I would be willing to be that none of the parameters you have listed there are impacted by either of those 2 parameters. Just as the SpatialPooler doesn’t care about cellsPerColumn; the TemporalMemory doesn’t care about columnDimensions other than the use of them to compute a given cell index. Performance-wise, I also don’t think the cells and columns are looped over because the active cell and segment lists are built up over previous cycles - and I don’t think we ever loop over every cell in every column to assess its permanence and proximity to a given activation threshold - those values are assembled from active columns only (off the top of my head - of course).
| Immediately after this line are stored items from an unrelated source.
(* Let $t$ be an $\mathrm{SL}_2$-tiling with $t_{jp}=1$. (i) If $t_{xy}=1$ for some $(x,y)$ with $x<j,\ y>p$, then either $t_{xp}=1$ for some $x<j$, or $t_{jy}=1$ for some $y>p$, but not both. (ii) If $t_{xy}=1$ for some $(x,y)$ with $x>j,\ y<p$, then either $t_{xp}=1$ for some $x>j$, or $t_{jy}=1$ for some $y<p$, but not both.
   Context: An $\mathrm{SL}_2$-tiling is a map $t:\mathbb{Z}\times\mathbb{Z}\to\{1,2,3,\dots\}$, $(i,j)\mapsto t_{ij}$, with $t_{ij}t_{i+1,j+1}-t_{i,j+1}t_{i+1,j}=1$ for all $i,j$. *)

From Stdlib Require Import ZArith.
Open Scope Z_scope.

(* An SL2-tiling: a map Z x Z -> {1,2,3,...} with every adjacent 2x2
   determinant equal to 1.  We model values in Z with positivity. *)
Definition SL2_tiling (t : Z -> Z -> Z) : Prop :=
  (forall i j, 1 <= t i j) /\
  (forall i j, t i j * t (i+1) (j+1) - t i (j+1) * t (i+1) j = 1).

From Stdlib Require Import ZArith Lia Classical.
Open Scope Z_scope.

(* Fix an SL2-tiling t with t j p = 1.  For rows i and columns m put
     r(i) = t i p * t j (p+1) - t i (p+1) * t j p   (row_minor: rows i, j),
     s(m) = t j p * t (j+1) m - t j m * t (j+1) p   (col_minor: columns p, m).
   1. A function of "rank two" shape A i * B m - C i * D m satisfies the SL2
      diamond rule as soon as (A, C) and (B, D) are unimodular sequences;
      since the diamond rule determines a positive tiling from its values on
      one row and one column, t x y = t x p * t j y - r x * s y on the whole
      quadrant x <= j, p <= y.
   2. The pairs (t . p, r) and (t j ., s) are "frieze pairs" (unimodular
      sequences starting at (1, 0)); hence r x >= 1 for x < j and s y >= 1
      for y > p, and if the column above (resp. the row to the right of)
      the entry t j p contains no further 1, then r x < t x p (resp. s y < t j y).
   3. Part (i) follows from the quadrant formula: two 1's at (x, p) and (j, y)
      would force t x y <= 0, and no 1 at all would force t x y >= 3.
      Part (ii) is part (i) for the tiling reflected through the origin. *)

Definition unimodular (g : Z -> Z -> Z) : Prop :=
  forall i m, g i m * g (i+1) (m+1) - g i (m+1) * g (i+1) m = 1.

Lemma Z_ind_from (P : Z -> Prop) (p : Z) :
  P p -> (forall k, p <= k -> P k -> P (k+1)) -> forall k, p <= k -> P k.
Proof.
  intros Hbase Hstep. apply Z.le_ind; [intros x y ->; reflexivity | exact Hbase | exact Hstep].
Qed.

(* Cauchy-Binet for 2x2 minors: the product of a two-column and a two-row
   matrix whose consecutive 2x2 minors are all 1 satisfies the diamond rule. *)
Lemma rank_two_unimodular (A C B D : Z -> Z) :
  (forall i, C i * A (i+1) - A i * C (i+1) = 1) ->
  (forall m, B m * D (m+1) - B (m+1) * D m = 1) ->
  unimodular (fun i m => A i * B m - C i * D m).
Proof.
  intros HAC HBD i m.
  transitivity ((C i * A (i+1) - A i * C (i+1)) * (B m * D (m+1) - B (m+1) * D m)).
  - ring.
  - rewrite HAC, HBD. ring.
Qed.

Lemma unimodular_rigid (g h : Z -> Z -> Z) (j p : Z) :
  unimodular g -> unimodular h -> (forall i m, g i m <> 0) ->
  (forall i, i <= j -> g i p = h i p) -> (forall m, p <= m -> g j m = h j m) ->
  forall i m, i <= j -> p <= m -> g i m = h i m.
Proof.
  intros Hg Hh Hnz Hcol Hrow.
  assert (Hbound : forall n i m, i <= j -> p <= m ->
            (j - i) + (m - p) <= Z.of_nat n -> g i m = h i m).
  { induction n as [|n IH]; intros i m Hi Hm Hd.
    - assert (i = j) as -> by lia. apply Hrow. lia.
    - destruct (Z.eq_dec i j) as [-> | Hij]; [apply Hrow; lia|].
      destruct (Z.eq_dec m p) as [-> | Hmp]; [apply Hcol; lia|].
      pose proof (Hg i (m-1)) as Dg. pose proof (Hh i (m-1)) as Dh.
      replace (m-1+1) with m in Dg, Dh by ring.
      rewrite <- (IH i (m-1)), <- (IH (i+1) m), <- (IH (i+1) (m-1)) in Dh by lia.
      apply (Z.mul_reg_r _ _ (g (i+1) (m-1))); [apply Hnz | lia]. }
  intros i m Hi Hm. apply (Hbound (Z.to_nat ((j - i) + (m - p)))); lia.
Qed.

Section FriezePair.

Variables (a c : Z -> Z) (p : Z).
Hypothesis a_pos : forall k, 1 <= a k.
Hypothesis pair_det : forall k, a k * c (k+1) - a (k+1) * c k = 1.
Hypothesis a_base : a p = 1.
Hypothesis c_base : c p = 0.

Lemma frieze_pair_nonneg k : p <= k -> 0 <= c k.
Proof.
  revert k. apply (Z_ind_from (fun k => 0 <= c k)); [lia|].
  intros n _ IH. pose proof (pair_det n). pose proof (a_pos n). pose proof (a_pos (n+1)). nia.
Qed.

Lemma frieze_pair_ge1 k : p < k -> 1 <= c k.
Proof.
  intros Hk. pose proof (pair_det (k-1)) as D. replace (k-1+1) with k in D by ring.
  pose proof (frieze_pair_nonneg (k-1) ltac:(lia)).
  pose proof (a_pos (k-1)). pose proof (a_pos k). nia.
Qed.

Lemma frieze_pair_lt :
  (forall k, p < k -> a k <> 1) -> forall k, p <= k -> c k < a k.
Proof.
  intros Hno. apply (Z_ind_from (fun k => c k < a k)); [lia|].
  intros n Hn IH. pose proof (pair_det n) as D. pose proof (a_pos n).
  assert (Ha : 2 <= a (n+1)) by (pose proof (a_pos (n+1)); pose proof (Hno (n+1) ltac:(lia)); lia).
  destruct (Z_lt_le_dec (c (n+1)) (a (n+1))) as [Hlt | Hge]; [exact Hlt | exfalso].
  (* Otherwise 1 = a n * c (n+1) - a (n+1) * c n >= a (n+1) * (a n - c n). *)
  assert (a (n+1) * (a n - c n) <= 1) by nia.
  nia.
Qed.

End FriezePair.

Section Quadrant.

Variables (t : Z -> Z -> Z) (j p : Z).
Hypothesis t_pos : forall i m, 1 <= t i m.
Hypothesis t_det : unimodular t.
Hypothesis t_jp : t j p = 1.

Definition row_minor (i : Z) : Z := t i p * t j (p+1) - t i (p+1) * t j p.

Definition col_minor (m : Z) : Z := t j p * t (j+1) m - t j m * t (j+1) p.

Lemma row_minor_det i : row_minor i * t (i+1) p - t i p * row_minor (i+1) = 1.
Proof.
  unfold row_minor.
  transitivity (t j p * (t i p * t (i+1) (p+1) - t i (p+1) * t (i+1) p)); [ring|].
  rewrite t_det, t_jp. ring.
Qed.

Lemma col_minor_det m : t j m * col_minor (m+1) - t j (m+1) * col_minor m = 1.
Proof.
  unfold col_minor.
  transitivity (t j p * (t j m * t (j+1) (m+1) - t j (m+1) * t (j+1) m)); [ring|].
  rewrite t_det, t_jp. ring.
Qed.

Lemma quadrant_formula x y :
  x <= j -> p <= y -> t x y = t x p * t j y - row_minor x * col_minor y.
Proof.
  apply (unimodular_rigid t (fun x y => t x p * t j y - row_minor x * col_minor y)).
  - exact t_det.
  - apply rank_two_unimodular; [exact row_minor_det | exact col_minor_det].
  - intros i m. pose proof (t_pos i m). lia.
  - intros i _. unfold col_minor. rewrite t_jp. ring.
  - intros m _. unfold row_minor. rewrite t_jp. ring.
Qed.

(* The column above (j, p), read upwards, forms a frieze pair with row_minor. *)
Lemma column_frieze_pair k :
  t (-k) p * row_minor (-(k+1)) - t (-(k+1)) p * row_minor (-k) = 1.
Proof.
  pose proof (row_minor_det (-(k+1))) as D.
  replace (-(k+1)+1) with (-k) in D by ring. lia.
Qed.

Lemma row_minor_ge1 x : x < j -> 1 <= row_minor x.
Proof.
  intros Hx. replace x with (- - x) by ring.
  apply (frieze_pair_ge1 (fun k => t (-k) p) (fun k => row_minor (-k)) (-j));
    cbn beta; [intros; apply t_pos | exact column_frieze_pair | | lia].
  unfold row_minor. rewrite Z.opp_involutive. ring.
Qed.

Lemma row_minor_lt x :
  (forall i, i < j -> t i p <> 1) -> x <= j -> row_minor x < t x p.
Proof.
  intros Hno Hx. replace x with (- - x) by ring.
  apply (frieze_pair_lt (fun k => t (-k) p) (fun k => row_minor (-k)) (-j));
    cbn beta; [intros; apply t_pos | exact column_frieze_pair | | | | lia].
  - rewrite Z.opp_involutive. exact t_jp.
  - unfold row_minor. rewrite Z.opp_involutive. ring.
  - intros k Hk. apply Hno. lia.
Qed.

Lemma col_minor_ge1 y : p < y -> 1 <= col_minor y.
Proof.
  apply (frieze_pair_ge1 (t j) col_minor p); [apply t_pos | exact col_minor_det |].
  unfold col_minor. ring.
Qed.

Lemma col_minor_lt y :
  (forall m, p < m -> t j m <> 1) -> p <= y -> col_minor y < t j y.
Proof.
  intros Hno. apply (frieze_pair_lt (t j) col_minor p);
    [apply t_pos | exact col_minor_det | exact t_jp | unfold col_minor; ring | exact Hno].
Qed.

Lemma unit_above_right :
  (exists x y, x < j /\ p < y /\ t x y = 1) ->
  ((exists x, x < j /\ t x p = 1) \/ (exists y, p < y /\ t j y = 1)) /\
  ~ ((exists x, x < j /\ t x p = 1) /\ (exists y, p < y /\ t j y = 1)).
Proof.
  intros [x [y [Hx [Hy Hxy]]]]. split.
  - apply NNPP. intros Hnone.
    assert (no_col : forall i, i < j -> t i p <> 1) by (intros i Hi E; apply Hnone; left; eauto).
    assert (no_row : forall m, p < m -> t j m <> 1) by (intros m Hm E; apply Hnone; right; eauto).
    pose proof (row_minor_lt x no_col ltac:(lia)). pose proof (col_minor_lt y no_row ltac:(lia)).
    pose proof (row_minor_ge1 x Hx). pose proof (col_minor_ge1 y Hy).
    assert (F := quadrant_formula x y ltac:(lia) ltac:(lia)).
    (* With 1 <= row_minor x < t x p and 1 <= col_minor y < t j y the formula
       gives t x y >= t x p + t j y - 1 >= 3. *)
    rewrite Hxy in F. nia.
  - intros [[x' [Hx' Ex']] [y' [Hy' Ey']]].
    assert (F := quadrant_formula x' y' ltac:(lia) ltac:(lia)).
    (* Two further 1's would give t x' y' = 1 - row_minor x' * col_minor y' <= 0. *)
    rewrite Ex', Ey' in F.
    pose proof (row_minor_ge1 x' Hx'). pose proof (col_minor_ge1 y' Hy').
    pose proof (t_pos x' y'). nia.
Qed.

End Quadrant.

Lemma unimodular_reflect (t : Z -> Z -> Z) :
  unimodular t -> unimodular (fun a b => t (-a) (-b)).
Proof.
  intros Hdet a b. pose proof (Hdet (-a-1) (-b-1)) as D.
  replace (-a-1+1) with (-a) in D by ring. replace (-b-1+1) with (-b) in D by ring.
  replace (-(a+1)) with (-a-1) by ring. replace (-(b+1)) with (-b-1) by ring. lia.
Qed.

(* Part (ii): part (i) for the reflected tiling. *)
Lemma unit_below_left (t : Z -> Z -> Z) (j p : Z) :
  (forall i m, 1 <= t i m) -> unimodular t -> t j p = 1 ->
  (exists x y, j < x /\ y < p /\ t x y = 1) ->
  ((exists x, j < x /\ t x p = 1) \/ (exists y, y < p /\ t j y = 1)) /\
  ~ ((exists x, j < x /\ t x p = 1) /\ (exists y, y < p /\ t j y = 1)).
Proof.
  intros Hpos Hdet Hjp [x [y [Hx [Hy Hxy]]]].
  set (s := fun a b => t (-a) (-b)).
  assert (Hs : forall a b, s a b = t (-a) (-b)) by reflexivity.
  destruct (unit_above_right s (-j) (-p)) as [Hsome Hnot_both].
  - intros a b. apply Hpos.
  - apply unimodular_reflect, Hdet.
  - rewrite Hs, !Z.opp_involutive. exact Hjp.
  - exists (-x), (-y). rewrite Hs, !Z.opp_involutive. repeat split; [lia | lia | exact Hxy].
  - split.
    + destruct Hsome as [[a [Ha Ea]] | [b [Hb Eb]]]; rewrite Hs, Z.opp_involutive in *.
      * left. exists (-a). split; [lia | exact Ea].
      * right. exists (-b). split; [lia | exact Eb].
    + intros [[a [Ha Ea]] [b [Hb Eb]]]. apply Hnot_both. split.
      * exists (-a). rewrite Hs, !Z.opp_involutive. split; [lia | exact Ea].
      * exists (-b). rewrite Hs, !Z.opp_involutive. split; [lia | exact Eb].
Qed.

Theorem proposition8p1 (t : Z -> Z -> Z) (j p : Z) :
  SL2_tiling t -> t j p = 1 ->
  ((exists x y, x < j /\ p < y /\ t x y = 1) ->
     ((exists x, x < j /\ t x p = 1) \/ (exists y, p < y /\ t j y = 1)) /\
     ~ ((exists x, x < j /\ t x p = 1) /\ (exists y, p < y /\ t j y = 1))) /\
  ((exists x y, j < x /\ y < p /\ t x y = 1) ->
     ((exists x, j < x /\ t x p = 1) \/ (exists y, y < p /\ t j y = 1)) /\
     ~ ((exists x, j < x /\ t x p = 1) /\ (exists y, y < p /\ t j y = 1))).
Proof.
  intros [Hpos Hdet] Hjp. split.
  - exact (unit_above_right t j p Hpos Hdet Hjp).
  - exact (unit_below_left t j p Hpos Hdet Hjp).
Qed.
Anyway, that’s from memory - so there’s an outside possibility that I’m mistaken, but I doubt it…
Now I’m more confused. The following params deal with connections between cells:
The cell count in the system simply must affect these. Just consider making columnDimensions=. None of the default values are valid anymore. Without changing the activationThreshold, nothing would be active.
Sorry buddy, I dozed off… (after a long phone call coordinating logistics for my mom in her rehab facility). It’s crazy, and so am I!
Obviously when collecting segments, the number of cells in a given column matters because they must each be looped over to test for matching ( >= minThreshold), and active ( >= activationThreshold), but the difference is negligible because the algorithm only surveys the 2% activated columns coming in from the SP as the base # of columns it works with.
From your original question. You want to determine:
1.) The amount any of those parameters would have to be changed to allow for changes in columnDimensions and cellsPerColumn.
2.) the impact of columnDimensions and cellsPerColumn on the actual quality of TM predictions.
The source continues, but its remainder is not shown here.